Out of the material that follows, write out exactly the lines from the line with "- by rewrite subUset sSB" to the line with "have [N] := ubnP", both ends included, and no others.

- INPUT MATERIAL -

☆ ☆ ☆

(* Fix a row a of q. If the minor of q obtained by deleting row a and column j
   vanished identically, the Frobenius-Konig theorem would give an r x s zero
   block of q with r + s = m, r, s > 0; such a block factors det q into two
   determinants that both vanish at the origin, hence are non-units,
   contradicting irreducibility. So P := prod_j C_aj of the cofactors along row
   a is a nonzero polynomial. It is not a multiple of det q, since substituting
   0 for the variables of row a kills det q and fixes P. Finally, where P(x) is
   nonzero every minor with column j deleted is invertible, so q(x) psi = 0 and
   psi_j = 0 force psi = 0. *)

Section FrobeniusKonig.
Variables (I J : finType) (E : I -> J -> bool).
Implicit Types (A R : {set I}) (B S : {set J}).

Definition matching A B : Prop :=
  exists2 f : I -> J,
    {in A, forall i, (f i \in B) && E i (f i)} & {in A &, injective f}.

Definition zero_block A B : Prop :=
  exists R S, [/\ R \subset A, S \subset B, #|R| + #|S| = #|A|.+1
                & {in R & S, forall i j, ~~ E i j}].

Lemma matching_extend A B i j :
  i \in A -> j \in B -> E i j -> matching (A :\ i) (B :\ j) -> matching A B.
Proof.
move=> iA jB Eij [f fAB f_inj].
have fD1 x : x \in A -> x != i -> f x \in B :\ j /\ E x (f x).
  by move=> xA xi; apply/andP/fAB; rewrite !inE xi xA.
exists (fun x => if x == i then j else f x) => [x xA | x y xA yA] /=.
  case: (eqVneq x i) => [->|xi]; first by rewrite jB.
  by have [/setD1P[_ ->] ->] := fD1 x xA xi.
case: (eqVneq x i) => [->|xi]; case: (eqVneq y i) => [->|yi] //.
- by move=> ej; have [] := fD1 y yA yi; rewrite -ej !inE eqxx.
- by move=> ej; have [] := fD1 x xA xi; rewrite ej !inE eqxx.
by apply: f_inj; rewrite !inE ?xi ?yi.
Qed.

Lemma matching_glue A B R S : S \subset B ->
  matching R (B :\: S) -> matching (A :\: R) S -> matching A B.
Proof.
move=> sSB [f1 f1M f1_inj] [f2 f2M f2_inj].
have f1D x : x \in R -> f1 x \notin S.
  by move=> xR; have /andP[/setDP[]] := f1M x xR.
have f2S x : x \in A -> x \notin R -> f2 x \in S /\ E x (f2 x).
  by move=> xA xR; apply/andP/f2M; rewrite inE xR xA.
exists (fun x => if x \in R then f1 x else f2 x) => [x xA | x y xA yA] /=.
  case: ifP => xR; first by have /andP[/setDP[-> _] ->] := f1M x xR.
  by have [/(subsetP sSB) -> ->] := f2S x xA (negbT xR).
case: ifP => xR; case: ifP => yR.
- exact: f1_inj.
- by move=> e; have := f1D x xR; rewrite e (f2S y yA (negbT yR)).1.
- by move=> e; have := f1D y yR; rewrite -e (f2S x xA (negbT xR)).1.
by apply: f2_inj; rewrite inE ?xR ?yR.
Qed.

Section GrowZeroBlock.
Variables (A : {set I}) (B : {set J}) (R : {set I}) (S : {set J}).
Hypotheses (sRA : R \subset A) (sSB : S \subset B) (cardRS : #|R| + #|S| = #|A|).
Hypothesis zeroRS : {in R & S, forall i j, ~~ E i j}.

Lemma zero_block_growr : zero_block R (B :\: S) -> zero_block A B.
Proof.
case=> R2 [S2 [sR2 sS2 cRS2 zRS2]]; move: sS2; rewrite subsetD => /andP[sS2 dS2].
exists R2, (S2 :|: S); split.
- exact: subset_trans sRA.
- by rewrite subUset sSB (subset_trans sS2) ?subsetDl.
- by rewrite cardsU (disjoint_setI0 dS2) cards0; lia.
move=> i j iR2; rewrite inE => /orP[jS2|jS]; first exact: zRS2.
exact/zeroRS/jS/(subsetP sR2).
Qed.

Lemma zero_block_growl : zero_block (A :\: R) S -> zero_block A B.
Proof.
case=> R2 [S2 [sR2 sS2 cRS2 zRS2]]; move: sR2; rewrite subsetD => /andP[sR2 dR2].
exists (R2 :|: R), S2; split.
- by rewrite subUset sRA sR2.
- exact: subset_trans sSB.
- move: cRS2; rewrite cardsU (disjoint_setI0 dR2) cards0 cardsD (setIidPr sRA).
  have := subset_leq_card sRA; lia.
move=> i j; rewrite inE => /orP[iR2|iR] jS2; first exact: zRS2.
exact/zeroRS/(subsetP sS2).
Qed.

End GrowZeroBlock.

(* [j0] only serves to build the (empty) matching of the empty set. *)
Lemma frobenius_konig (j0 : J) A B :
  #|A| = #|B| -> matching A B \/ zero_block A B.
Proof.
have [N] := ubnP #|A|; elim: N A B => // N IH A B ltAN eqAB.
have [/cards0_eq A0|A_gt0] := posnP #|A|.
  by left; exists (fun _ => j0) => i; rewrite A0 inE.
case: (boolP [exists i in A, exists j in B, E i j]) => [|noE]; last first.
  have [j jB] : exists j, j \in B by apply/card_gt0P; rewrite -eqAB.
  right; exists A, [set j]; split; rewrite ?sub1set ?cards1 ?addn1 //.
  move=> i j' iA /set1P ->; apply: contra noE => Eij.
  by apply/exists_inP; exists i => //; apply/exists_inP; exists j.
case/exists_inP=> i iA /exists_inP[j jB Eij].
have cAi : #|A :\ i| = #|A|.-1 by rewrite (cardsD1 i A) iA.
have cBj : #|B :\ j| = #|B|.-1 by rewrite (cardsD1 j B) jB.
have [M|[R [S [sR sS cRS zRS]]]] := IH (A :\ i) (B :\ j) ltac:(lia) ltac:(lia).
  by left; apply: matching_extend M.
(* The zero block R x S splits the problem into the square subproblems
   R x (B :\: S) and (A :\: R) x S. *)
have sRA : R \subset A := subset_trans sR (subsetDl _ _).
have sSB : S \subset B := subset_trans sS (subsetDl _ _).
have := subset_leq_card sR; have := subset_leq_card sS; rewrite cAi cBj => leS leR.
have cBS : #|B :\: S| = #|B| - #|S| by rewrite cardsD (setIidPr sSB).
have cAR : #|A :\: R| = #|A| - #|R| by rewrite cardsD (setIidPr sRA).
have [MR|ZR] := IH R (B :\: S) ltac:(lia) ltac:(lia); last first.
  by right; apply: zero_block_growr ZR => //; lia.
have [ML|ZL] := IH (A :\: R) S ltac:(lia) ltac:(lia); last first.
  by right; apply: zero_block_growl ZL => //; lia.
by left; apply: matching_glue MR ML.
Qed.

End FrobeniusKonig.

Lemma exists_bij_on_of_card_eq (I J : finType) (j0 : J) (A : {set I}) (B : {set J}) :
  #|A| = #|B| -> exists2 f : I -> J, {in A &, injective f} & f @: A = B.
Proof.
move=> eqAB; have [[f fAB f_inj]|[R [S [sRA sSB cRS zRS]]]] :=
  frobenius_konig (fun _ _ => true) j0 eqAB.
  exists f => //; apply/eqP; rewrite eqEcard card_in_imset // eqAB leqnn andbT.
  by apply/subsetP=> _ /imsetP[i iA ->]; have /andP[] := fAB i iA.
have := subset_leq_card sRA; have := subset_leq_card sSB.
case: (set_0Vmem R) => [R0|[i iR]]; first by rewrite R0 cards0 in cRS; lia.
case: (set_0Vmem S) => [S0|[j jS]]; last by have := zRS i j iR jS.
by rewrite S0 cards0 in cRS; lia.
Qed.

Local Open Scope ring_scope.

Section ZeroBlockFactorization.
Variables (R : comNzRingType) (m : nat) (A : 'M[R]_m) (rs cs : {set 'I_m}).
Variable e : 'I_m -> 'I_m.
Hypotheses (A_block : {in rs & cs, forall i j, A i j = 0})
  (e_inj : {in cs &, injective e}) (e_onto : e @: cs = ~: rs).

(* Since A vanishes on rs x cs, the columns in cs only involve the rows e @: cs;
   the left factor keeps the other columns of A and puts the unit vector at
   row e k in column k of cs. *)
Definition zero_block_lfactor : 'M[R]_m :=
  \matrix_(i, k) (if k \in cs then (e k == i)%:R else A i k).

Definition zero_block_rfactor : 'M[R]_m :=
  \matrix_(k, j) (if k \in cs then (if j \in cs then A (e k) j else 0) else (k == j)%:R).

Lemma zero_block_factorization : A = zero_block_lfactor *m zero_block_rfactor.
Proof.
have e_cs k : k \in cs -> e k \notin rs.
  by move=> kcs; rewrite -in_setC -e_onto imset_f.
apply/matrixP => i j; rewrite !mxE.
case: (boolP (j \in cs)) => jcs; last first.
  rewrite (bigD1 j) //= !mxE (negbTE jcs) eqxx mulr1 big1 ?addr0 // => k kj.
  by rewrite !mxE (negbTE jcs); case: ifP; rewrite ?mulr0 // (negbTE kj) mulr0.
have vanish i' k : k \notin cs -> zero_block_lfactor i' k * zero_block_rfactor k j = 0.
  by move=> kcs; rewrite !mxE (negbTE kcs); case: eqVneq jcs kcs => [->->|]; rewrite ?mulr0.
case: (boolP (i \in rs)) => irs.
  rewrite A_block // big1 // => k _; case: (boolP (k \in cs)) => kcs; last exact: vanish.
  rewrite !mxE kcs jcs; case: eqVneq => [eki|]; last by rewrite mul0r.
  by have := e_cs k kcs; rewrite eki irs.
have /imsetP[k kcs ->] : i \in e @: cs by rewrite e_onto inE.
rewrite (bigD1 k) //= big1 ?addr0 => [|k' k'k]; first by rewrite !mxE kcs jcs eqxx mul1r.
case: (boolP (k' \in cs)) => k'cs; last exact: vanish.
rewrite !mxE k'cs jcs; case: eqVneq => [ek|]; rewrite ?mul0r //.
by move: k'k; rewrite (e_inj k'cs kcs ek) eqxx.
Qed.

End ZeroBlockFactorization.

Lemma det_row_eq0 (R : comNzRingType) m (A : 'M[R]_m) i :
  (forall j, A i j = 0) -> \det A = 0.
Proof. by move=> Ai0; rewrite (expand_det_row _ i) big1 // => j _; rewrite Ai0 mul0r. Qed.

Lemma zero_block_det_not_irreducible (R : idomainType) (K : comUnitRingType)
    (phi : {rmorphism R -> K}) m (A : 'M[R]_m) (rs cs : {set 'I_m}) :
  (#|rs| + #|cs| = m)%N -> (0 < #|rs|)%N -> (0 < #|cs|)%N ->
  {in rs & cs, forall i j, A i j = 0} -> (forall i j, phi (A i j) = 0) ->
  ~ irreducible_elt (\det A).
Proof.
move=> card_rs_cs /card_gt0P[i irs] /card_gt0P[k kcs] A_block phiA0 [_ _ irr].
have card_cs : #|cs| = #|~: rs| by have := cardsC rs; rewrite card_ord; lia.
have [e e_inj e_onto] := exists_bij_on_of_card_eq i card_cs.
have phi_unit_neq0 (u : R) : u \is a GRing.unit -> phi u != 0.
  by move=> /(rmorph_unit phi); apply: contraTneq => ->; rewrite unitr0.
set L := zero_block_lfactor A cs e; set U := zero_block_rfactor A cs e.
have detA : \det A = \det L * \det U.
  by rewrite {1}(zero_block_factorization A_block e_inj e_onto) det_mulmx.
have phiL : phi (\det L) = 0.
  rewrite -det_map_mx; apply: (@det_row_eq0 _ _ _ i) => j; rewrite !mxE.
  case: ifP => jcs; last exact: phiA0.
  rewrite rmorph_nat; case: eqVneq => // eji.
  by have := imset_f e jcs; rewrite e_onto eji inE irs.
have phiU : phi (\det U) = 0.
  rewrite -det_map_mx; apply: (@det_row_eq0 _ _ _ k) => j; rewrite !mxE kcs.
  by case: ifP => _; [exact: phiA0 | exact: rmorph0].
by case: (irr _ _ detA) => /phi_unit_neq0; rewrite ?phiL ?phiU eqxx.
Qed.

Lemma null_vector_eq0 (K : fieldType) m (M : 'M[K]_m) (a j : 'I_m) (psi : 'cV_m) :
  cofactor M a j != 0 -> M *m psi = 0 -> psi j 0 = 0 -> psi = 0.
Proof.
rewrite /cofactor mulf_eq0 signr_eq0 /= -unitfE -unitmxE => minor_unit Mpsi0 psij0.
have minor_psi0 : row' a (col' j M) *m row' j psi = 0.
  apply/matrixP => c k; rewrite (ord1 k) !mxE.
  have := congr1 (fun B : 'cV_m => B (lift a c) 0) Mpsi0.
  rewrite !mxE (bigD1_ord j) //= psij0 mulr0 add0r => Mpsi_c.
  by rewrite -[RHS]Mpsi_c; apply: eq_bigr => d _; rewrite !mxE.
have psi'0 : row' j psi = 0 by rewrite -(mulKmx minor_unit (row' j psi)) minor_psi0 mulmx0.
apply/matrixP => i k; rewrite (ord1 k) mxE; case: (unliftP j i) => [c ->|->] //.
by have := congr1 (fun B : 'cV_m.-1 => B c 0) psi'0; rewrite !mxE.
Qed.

☆ ☆ ☆

- WRITTEN RESPONSE -
- by rewrite subUset sSB (subset_trans sS2) ?subsetDl.
- by rewrite cardsU (disjoint_setI0 dS2) cards0; lia.
move=> i j iR2; rewrite inE => /orP[jS2|jS]; first exact: zRS2.
exact/zeroRS/jS/(subsetP sR2).
Qed.

Lemma zero_block_growl : zero_block (A :\: R) S -> zero_block A B.
Proof.
case=> R2 [S2 [sR2 sS2 cRS2 zRS2]]; move: sR2; rewrite subsetD => /andP[sR2 dR2].
exists (R2 :|: R), S2; split.
- by rewrite subUset sRA sR2.
- exact: subset_trans sSB.
- move: cRS2; rewrite cardsU (disjoint_setI0 dR2) cards0 cardsD (setIidPr sRA).
  have := subset_leq_card sRA; lia.
move=> i j; rewrite inE => /orP[iR2|iR] jS2; first exact: zRS2.
exact/zeroRS/(subsetP sS2).
Qed.

End GrowZeroBlock.

(* [j0] only serves to build the (empty) matching of the empty set. *)
Lemma frobenius_konig (j0 : J) A B :
  #|A| = #|B| -> matching A B \/ zero_block A B.
Proof.
have [N] := ubnP #|A|; elim: N A B => // N IH A B ltAN eqAB.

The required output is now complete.